------ Record extracts

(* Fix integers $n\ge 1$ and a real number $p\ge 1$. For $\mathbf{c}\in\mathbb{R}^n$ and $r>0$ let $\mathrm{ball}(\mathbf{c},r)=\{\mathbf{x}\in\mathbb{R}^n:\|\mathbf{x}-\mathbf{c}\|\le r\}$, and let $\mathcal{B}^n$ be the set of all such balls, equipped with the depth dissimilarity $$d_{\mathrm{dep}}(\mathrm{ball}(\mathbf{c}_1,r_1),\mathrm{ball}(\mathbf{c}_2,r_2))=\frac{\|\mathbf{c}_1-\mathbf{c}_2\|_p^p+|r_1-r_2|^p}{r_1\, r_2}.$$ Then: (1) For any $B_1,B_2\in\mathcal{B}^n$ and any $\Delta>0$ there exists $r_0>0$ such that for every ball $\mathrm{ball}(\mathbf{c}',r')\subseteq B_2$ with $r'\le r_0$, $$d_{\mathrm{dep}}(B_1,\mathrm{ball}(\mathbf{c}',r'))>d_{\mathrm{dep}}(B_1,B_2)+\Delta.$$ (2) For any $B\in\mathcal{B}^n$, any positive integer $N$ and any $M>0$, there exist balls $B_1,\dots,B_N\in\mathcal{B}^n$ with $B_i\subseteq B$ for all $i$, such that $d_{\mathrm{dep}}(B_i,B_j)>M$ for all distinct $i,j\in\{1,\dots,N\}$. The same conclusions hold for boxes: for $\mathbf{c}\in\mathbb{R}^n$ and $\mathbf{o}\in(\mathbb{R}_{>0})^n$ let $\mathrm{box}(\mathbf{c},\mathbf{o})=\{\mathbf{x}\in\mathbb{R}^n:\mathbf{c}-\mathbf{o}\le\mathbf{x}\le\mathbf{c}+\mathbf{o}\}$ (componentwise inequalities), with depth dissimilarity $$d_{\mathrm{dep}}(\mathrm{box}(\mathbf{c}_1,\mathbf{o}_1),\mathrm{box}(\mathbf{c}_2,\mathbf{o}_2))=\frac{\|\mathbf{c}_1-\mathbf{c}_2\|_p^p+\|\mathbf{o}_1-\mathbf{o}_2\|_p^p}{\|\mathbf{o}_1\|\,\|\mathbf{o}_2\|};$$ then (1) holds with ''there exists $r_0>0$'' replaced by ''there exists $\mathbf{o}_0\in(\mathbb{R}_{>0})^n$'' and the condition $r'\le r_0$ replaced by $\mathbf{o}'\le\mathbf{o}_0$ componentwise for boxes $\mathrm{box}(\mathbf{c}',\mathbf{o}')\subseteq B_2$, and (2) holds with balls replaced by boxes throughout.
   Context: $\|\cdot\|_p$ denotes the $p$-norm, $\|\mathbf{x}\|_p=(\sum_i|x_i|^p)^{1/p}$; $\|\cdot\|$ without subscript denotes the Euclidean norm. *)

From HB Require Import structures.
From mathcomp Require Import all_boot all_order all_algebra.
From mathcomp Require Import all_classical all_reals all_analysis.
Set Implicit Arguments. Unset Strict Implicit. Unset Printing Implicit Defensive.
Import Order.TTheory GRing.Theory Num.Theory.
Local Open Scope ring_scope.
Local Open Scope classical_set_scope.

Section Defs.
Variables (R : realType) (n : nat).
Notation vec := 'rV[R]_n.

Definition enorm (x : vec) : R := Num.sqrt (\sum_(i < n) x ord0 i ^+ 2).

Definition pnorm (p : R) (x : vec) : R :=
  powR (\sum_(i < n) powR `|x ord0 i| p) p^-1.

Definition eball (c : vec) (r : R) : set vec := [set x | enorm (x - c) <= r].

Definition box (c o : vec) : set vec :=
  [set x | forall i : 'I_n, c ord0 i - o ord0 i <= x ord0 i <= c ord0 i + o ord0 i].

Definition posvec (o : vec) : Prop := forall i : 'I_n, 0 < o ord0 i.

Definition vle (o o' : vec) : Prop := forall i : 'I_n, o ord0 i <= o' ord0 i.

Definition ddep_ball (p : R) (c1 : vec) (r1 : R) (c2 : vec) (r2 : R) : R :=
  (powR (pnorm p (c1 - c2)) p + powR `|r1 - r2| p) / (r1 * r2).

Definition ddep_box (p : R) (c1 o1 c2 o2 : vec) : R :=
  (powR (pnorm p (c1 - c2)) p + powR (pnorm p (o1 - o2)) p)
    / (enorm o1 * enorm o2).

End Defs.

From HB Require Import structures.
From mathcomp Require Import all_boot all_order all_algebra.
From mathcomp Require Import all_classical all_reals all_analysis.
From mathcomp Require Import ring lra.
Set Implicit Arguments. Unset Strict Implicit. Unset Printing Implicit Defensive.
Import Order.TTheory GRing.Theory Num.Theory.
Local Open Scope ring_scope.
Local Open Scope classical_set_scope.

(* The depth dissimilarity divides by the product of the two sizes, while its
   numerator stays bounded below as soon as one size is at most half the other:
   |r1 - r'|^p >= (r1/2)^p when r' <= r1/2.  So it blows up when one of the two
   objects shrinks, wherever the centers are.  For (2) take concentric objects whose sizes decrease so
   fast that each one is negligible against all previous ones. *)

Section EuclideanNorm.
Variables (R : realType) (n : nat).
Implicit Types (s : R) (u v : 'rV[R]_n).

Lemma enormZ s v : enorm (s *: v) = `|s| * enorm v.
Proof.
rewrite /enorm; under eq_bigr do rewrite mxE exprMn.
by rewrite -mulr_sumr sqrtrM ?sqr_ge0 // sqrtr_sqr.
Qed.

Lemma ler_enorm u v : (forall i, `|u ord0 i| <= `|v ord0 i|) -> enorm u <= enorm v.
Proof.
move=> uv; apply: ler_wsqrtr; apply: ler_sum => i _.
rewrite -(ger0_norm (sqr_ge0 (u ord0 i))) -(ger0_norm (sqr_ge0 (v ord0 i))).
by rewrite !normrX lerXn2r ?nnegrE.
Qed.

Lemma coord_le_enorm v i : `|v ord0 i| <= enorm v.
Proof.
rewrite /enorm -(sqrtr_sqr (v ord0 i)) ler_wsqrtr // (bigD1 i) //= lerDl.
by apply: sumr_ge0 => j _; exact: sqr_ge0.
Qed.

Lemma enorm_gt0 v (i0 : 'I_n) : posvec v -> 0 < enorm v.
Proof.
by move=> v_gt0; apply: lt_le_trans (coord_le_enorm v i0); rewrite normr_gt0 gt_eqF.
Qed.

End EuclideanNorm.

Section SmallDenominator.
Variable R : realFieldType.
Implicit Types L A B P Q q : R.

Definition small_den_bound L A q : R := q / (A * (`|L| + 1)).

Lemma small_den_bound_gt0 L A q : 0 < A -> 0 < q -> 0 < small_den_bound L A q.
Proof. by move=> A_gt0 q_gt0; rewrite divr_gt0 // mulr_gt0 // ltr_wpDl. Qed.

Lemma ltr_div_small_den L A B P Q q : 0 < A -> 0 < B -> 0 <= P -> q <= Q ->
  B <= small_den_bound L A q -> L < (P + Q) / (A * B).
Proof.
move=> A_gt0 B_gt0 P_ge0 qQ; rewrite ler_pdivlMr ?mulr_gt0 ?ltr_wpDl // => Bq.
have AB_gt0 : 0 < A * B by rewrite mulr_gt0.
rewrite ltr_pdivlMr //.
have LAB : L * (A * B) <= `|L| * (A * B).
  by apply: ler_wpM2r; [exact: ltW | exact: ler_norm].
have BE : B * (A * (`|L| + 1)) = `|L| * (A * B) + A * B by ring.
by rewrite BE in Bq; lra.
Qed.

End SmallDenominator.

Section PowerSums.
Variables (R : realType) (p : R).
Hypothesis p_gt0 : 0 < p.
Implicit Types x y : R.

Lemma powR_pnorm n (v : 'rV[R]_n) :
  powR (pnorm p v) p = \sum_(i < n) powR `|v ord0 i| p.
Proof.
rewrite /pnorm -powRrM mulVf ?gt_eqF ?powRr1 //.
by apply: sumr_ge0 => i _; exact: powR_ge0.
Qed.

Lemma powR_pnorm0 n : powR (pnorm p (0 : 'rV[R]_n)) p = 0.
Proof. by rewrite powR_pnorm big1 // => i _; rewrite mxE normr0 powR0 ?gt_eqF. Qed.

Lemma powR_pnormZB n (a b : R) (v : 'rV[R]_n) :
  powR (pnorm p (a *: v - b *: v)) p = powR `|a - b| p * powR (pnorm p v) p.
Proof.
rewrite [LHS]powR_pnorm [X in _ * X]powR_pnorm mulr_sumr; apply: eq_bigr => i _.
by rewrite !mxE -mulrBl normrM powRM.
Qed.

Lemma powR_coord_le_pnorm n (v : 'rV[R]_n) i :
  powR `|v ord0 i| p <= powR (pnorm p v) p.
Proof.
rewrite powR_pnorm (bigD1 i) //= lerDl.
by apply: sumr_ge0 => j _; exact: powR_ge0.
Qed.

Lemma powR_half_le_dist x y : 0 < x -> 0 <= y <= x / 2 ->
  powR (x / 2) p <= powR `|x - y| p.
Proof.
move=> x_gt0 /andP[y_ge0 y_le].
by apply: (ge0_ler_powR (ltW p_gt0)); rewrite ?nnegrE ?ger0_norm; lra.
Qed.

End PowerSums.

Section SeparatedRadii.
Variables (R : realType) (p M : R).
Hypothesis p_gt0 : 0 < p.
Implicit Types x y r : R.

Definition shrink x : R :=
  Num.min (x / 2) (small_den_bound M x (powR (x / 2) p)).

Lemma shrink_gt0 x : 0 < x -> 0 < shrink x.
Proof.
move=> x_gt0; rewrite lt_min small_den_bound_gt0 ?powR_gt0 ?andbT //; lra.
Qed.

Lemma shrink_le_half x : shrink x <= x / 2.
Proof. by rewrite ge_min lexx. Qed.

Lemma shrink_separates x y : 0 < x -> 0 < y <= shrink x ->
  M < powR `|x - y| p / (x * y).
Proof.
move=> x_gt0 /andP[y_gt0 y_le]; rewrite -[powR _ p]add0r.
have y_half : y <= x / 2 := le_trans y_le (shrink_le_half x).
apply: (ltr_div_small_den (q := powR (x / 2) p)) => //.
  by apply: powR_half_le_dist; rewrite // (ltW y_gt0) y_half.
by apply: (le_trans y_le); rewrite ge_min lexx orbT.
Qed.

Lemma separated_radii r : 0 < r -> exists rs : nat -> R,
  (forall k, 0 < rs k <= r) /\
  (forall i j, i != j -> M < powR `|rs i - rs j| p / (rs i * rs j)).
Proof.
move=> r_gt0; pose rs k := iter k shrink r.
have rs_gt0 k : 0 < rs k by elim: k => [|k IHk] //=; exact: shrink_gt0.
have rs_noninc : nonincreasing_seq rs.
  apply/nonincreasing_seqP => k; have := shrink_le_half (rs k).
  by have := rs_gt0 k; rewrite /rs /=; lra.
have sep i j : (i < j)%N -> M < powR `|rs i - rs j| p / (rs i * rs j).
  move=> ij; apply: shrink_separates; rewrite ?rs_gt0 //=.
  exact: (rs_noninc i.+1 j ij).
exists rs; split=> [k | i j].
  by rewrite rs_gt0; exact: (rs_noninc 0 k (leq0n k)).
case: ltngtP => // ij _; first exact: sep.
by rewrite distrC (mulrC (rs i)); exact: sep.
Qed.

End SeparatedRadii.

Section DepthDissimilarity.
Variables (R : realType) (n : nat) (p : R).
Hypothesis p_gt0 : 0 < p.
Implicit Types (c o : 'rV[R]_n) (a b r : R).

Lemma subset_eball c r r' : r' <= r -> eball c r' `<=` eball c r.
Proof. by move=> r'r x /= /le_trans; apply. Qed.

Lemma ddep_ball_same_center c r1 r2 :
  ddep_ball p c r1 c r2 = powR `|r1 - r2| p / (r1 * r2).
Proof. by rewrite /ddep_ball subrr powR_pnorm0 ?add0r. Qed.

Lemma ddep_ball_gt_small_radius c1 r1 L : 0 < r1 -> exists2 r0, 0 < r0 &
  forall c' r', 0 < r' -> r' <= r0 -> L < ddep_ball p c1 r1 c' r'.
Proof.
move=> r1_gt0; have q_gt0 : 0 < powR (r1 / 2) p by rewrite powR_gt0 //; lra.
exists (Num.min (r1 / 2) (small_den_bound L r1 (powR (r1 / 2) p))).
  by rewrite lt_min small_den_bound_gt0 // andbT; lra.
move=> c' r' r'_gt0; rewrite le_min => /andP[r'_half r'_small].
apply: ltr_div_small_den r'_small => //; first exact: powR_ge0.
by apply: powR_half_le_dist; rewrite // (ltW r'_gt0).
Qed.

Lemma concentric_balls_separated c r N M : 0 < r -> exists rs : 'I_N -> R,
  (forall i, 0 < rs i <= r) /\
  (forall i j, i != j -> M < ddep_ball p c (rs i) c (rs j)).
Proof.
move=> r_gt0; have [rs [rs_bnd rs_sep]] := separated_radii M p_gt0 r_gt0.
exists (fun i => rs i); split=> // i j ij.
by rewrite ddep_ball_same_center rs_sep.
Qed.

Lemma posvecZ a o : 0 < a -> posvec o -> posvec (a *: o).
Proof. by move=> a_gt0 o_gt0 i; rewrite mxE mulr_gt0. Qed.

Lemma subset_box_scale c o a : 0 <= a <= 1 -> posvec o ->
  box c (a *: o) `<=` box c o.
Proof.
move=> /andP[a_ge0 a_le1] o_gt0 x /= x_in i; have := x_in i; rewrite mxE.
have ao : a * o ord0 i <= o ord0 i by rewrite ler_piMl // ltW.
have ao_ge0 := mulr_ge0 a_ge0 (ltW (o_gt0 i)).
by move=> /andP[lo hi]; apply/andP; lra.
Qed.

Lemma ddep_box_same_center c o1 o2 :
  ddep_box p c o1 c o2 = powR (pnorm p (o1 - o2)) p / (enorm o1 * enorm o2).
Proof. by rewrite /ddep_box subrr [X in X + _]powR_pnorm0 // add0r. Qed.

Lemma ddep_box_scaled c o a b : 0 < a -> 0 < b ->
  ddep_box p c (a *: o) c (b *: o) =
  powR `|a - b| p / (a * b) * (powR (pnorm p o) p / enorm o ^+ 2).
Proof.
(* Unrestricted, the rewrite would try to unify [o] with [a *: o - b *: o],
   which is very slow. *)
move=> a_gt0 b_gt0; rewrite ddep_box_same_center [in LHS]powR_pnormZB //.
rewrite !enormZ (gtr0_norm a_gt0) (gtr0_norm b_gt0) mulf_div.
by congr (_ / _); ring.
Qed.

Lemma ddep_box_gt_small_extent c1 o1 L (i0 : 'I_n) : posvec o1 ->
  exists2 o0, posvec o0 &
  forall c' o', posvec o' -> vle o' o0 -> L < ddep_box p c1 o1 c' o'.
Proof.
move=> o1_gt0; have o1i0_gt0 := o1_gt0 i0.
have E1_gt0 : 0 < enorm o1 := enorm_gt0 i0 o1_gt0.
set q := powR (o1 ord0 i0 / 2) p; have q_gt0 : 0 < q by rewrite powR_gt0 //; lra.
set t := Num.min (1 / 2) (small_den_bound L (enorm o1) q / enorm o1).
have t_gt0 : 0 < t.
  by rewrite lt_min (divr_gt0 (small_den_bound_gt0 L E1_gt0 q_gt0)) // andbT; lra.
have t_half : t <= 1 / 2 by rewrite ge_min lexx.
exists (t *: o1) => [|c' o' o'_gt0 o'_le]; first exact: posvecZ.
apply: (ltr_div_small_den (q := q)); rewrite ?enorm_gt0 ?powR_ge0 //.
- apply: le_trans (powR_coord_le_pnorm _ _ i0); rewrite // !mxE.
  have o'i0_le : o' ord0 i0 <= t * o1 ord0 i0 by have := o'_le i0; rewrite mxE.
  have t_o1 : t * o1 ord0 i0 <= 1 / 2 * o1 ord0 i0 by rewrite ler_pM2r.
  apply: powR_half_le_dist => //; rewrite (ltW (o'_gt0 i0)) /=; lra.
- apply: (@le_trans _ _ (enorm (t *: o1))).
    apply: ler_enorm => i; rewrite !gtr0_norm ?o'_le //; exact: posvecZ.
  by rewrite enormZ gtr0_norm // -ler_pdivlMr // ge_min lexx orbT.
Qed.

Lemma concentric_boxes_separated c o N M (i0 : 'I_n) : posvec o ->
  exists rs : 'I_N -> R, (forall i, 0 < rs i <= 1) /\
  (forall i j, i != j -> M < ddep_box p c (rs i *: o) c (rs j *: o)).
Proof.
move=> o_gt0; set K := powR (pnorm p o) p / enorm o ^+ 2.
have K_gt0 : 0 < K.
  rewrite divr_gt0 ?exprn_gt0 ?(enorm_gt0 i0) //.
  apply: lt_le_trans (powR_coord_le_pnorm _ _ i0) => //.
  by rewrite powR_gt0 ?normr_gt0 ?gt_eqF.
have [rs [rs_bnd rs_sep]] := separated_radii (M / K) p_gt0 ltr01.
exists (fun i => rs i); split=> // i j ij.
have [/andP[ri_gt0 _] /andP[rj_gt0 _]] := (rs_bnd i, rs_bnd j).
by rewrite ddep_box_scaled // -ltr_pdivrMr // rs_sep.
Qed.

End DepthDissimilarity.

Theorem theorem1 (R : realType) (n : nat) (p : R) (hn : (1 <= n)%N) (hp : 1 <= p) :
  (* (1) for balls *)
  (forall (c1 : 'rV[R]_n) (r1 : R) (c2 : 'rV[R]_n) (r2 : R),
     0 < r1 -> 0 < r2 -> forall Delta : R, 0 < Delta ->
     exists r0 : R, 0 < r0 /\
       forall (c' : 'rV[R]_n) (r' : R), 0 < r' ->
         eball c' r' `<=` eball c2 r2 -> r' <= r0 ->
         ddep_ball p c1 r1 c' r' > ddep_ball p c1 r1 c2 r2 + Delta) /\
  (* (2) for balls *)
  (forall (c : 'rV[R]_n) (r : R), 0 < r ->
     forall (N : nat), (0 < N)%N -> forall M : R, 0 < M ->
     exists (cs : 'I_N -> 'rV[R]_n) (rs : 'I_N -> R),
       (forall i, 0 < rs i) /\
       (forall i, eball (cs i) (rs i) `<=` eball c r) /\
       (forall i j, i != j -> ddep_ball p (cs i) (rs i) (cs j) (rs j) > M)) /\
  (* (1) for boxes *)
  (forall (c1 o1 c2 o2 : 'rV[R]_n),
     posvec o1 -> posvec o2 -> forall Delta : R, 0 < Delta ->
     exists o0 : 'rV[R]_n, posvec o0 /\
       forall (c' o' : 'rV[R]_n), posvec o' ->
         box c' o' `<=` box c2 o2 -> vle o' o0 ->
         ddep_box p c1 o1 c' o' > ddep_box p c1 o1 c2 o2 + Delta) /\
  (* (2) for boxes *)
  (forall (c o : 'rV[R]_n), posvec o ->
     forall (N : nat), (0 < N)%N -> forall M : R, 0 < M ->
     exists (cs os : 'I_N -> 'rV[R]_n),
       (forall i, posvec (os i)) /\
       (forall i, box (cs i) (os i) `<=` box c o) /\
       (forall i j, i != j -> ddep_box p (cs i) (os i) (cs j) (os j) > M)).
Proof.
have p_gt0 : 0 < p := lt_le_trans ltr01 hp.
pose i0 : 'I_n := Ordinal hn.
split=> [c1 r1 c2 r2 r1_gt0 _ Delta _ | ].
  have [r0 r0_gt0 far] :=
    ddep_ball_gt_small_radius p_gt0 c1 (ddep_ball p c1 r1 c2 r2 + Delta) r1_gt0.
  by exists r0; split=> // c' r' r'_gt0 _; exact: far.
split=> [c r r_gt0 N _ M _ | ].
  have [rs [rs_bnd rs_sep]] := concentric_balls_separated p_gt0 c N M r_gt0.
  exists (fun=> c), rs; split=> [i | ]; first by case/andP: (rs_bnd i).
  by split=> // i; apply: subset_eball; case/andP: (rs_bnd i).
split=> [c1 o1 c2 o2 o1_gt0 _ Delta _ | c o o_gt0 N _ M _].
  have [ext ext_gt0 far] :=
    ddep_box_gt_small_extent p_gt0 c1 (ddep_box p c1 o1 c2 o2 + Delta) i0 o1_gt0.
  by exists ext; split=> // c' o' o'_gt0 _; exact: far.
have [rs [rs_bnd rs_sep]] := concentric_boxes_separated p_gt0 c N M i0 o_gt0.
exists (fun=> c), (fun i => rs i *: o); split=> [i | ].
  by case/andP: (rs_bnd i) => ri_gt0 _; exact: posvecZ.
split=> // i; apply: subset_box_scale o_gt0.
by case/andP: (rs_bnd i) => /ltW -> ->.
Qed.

------------

The problem => Exactly the lines from the one containing "pose i0 : 'I_n := Ordinal hn." through the last line of the material above are to be returned, with nothing else.

Answer to this task =>
pose i0 : 'I_n := Ordinal hn.
split=> [c1 r1 c2 r2 r1_gt0 _ Delta _ | ].
  have [r0 r0_gt0 far] :=
    ddep_ball_gt_small_radius p_gt0 c1 (ddep_ball p c1 r1 c2 r2 + Delta) r1_gt0.
  by exists r0; split=> // c' r' r'_gt0 _; exact: far.
split=> [c r r_gt0 N _ M _ | ].
  have [rs [rs_bnd rs_sep]] := concentric_balls_separated p_gt0 c N M r_gt0.
  exists (fun=> c), rs; split=> [i | ]; first by case/andP: (rs_bnd i).
  by split=> // i; apply: subset_eball; case/andP: (rs_bnd i).
split=> [c1 o1 c2 o2 o1_gt0 _ Delta _ | c o o_gt0 N _ M _].
  have [ext ext_gt0 far] :=
    ddep_box_gt_small_extent p_gt0 c1 (ddep_box p c1 o1 c2 o2 + Delta) i0 o1_gt0.
  by exists ext; split=> // c' o' o'_gt0 _; exact: far.
have [rs [rs_bnd rs_sep]] := concentric_boxes_separated p_gt0 c N M i0 o_gt0.
exists (fun=> c), (fun i => rs i *: o); split=> [i | ].
  by case/andP: (rs_bnd i) => ri_gt0 _; exact: posvecZ.
split=> // i; apply: subset_box_scale o_gt0.
by case/andP: (rs_bnd i) => /ltW -> ->.
Qed.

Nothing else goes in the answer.